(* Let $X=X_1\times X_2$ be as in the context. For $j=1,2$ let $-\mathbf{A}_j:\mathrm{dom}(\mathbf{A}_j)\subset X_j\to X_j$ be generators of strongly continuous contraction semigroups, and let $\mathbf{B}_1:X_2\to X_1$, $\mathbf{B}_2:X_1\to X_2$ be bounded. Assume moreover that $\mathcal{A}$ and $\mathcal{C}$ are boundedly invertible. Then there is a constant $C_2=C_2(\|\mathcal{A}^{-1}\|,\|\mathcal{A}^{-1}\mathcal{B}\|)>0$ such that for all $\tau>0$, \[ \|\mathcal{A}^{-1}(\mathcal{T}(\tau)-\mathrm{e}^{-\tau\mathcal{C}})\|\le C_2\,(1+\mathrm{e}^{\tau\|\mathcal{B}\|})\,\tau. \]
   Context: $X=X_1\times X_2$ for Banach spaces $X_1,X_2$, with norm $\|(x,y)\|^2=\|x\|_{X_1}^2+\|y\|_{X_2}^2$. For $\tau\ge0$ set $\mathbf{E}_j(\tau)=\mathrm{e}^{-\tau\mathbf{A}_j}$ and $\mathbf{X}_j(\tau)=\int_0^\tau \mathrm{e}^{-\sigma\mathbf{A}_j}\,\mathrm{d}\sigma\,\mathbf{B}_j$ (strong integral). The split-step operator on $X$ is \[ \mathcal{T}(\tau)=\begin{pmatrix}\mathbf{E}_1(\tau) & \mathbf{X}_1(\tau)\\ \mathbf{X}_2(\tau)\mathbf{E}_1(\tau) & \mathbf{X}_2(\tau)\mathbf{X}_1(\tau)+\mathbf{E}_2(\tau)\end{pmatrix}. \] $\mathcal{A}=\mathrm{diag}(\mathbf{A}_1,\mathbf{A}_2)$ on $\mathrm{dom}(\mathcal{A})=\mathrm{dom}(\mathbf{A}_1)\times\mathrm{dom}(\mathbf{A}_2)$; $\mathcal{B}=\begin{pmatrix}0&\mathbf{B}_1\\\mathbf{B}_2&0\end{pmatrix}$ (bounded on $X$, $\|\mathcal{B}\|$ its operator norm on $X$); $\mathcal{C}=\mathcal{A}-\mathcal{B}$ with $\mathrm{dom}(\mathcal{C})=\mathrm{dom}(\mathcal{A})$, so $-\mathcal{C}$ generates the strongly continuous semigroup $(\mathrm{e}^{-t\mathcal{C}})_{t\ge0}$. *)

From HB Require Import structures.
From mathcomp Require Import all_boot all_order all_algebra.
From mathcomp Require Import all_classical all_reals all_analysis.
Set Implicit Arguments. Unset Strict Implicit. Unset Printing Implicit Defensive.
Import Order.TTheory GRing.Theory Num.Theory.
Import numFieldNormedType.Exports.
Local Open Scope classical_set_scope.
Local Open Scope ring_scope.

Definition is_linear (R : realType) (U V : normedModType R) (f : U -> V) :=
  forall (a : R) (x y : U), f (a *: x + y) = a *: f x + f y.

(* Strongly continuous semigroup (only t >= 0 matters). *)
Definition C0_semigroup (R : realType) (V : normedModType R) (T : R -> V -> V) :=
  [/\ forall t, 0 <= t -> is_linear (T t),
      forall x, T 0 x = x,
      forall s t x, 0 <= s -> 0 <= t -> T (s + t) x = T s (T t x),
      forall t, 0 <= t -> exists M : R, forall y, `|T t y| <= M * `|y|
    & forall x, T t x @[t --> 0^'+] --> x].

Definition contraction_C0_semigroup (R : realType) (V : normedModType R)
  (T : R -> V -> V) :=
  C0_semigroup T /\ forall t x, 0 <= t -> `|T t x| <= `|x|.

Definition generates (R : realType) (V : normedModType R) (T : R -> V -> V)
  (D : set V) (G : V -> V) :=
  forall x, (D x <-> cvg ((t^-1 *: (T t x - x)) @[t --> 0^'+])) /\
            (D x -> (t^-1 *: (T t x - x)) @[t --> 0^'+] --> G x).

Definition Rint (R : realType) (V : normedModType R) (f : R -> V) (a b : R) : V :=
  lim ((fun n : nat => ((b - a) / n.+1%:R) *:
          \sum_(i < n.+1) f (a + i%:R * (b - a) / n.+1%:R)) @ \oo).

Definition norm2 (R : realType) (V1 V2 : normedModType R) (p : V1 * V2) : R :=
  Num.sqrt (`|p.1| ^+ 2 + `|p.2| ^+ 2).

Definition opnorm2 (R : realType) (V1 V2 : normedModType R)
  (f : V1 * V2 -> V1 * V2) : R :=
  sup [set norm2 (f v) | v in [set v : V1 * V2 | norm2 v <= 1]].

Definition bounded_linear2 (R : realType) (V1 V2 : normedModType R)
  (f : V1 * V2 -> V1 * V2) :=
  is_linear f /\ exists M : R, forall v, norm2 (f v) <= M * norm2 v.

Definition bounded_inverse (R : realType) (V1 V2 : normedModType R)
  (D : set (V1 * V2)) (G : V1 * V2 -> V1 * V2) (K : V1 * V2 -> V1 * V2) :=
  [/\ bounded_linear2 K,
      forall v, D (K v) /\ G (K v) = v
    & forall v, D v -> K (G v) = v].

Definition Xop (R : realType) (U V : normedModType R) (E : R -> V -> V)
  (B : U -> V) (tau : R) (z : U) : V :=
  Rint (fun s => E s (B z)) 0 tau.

════════════════

▶ Work request:
Exact duplication is required for the lines above, from the line that contains "t x @[t --> 0^'+] --> x]." to the line that contains "v -> K (G v) = v].", inclusive; omit all others.

▶ Response to the task:
    & forall x, T t x @[t --> 0^'+] --> x].

Definition contraction_C0_semigroup (R : realType) (V : normedModType R)
  (T : R -> V -> V) :=
  C0_semigroup T /\ forall t x, 0 <= t -> `|T t x| <= `|x|.

Definition generates (R : realType) (V : normedModType R) (T : R -> V -> V)
  (D : set V) (G : V -> V) :=
  forall x, (D x <-> cvg ((t^-1 *: (T t x - x)) @[t --> 0^'+])) /\
            (D x -> (t^-1 *: (T t x - x)) @[t --> 0^'+] --> G x).

Definition Rint (R : realType) (V : normedModType R) (f : R -> V) (a b : R) : V :=
  lim ((fun n : nat => ((b - a) / n.+1%:R) *:
          \sum_(i < n.+1) f (a + i%:R * (b - a) / n.+1%:R)) @ \oo).

Definition norm2 (R : realType) (V1 V2 : normedModType R) (p : V1 * V2) : R :=
  Num.sqrt (`|p.1| ^+ 2 + `|p.2| ^+ 2).

Definition opnorm2 (R : realType) (V1 V2 : normedModType R)
  (f : V1 * V2 -> V1 * V2) : R :=
  sup [set norm2 (f v) | v in [set v : V1 * V2 | norm2 v <= 1]].

Definition bounded_linear2 (R : realType) (V1 V2 : normedModType R)
  (f : V1 * V2 -> V1 * V2) :=
  is_linear f /\ exists M : R, forall v, norm2 (f v) <= M * norm2 v.

Definition bounded_inverse (R : realType) (V1 V2 : normedModType R)
  (D : set (V1 * V2)) (G : V1 * V2 -> V1 * V2) (K : V1 * V2 -> V1 * V2) :=
  [/\ bounded_linear2 K,
      forall v, D (K v) /\ G (K v) = v
    & forall v, D v -> K (G v) = v].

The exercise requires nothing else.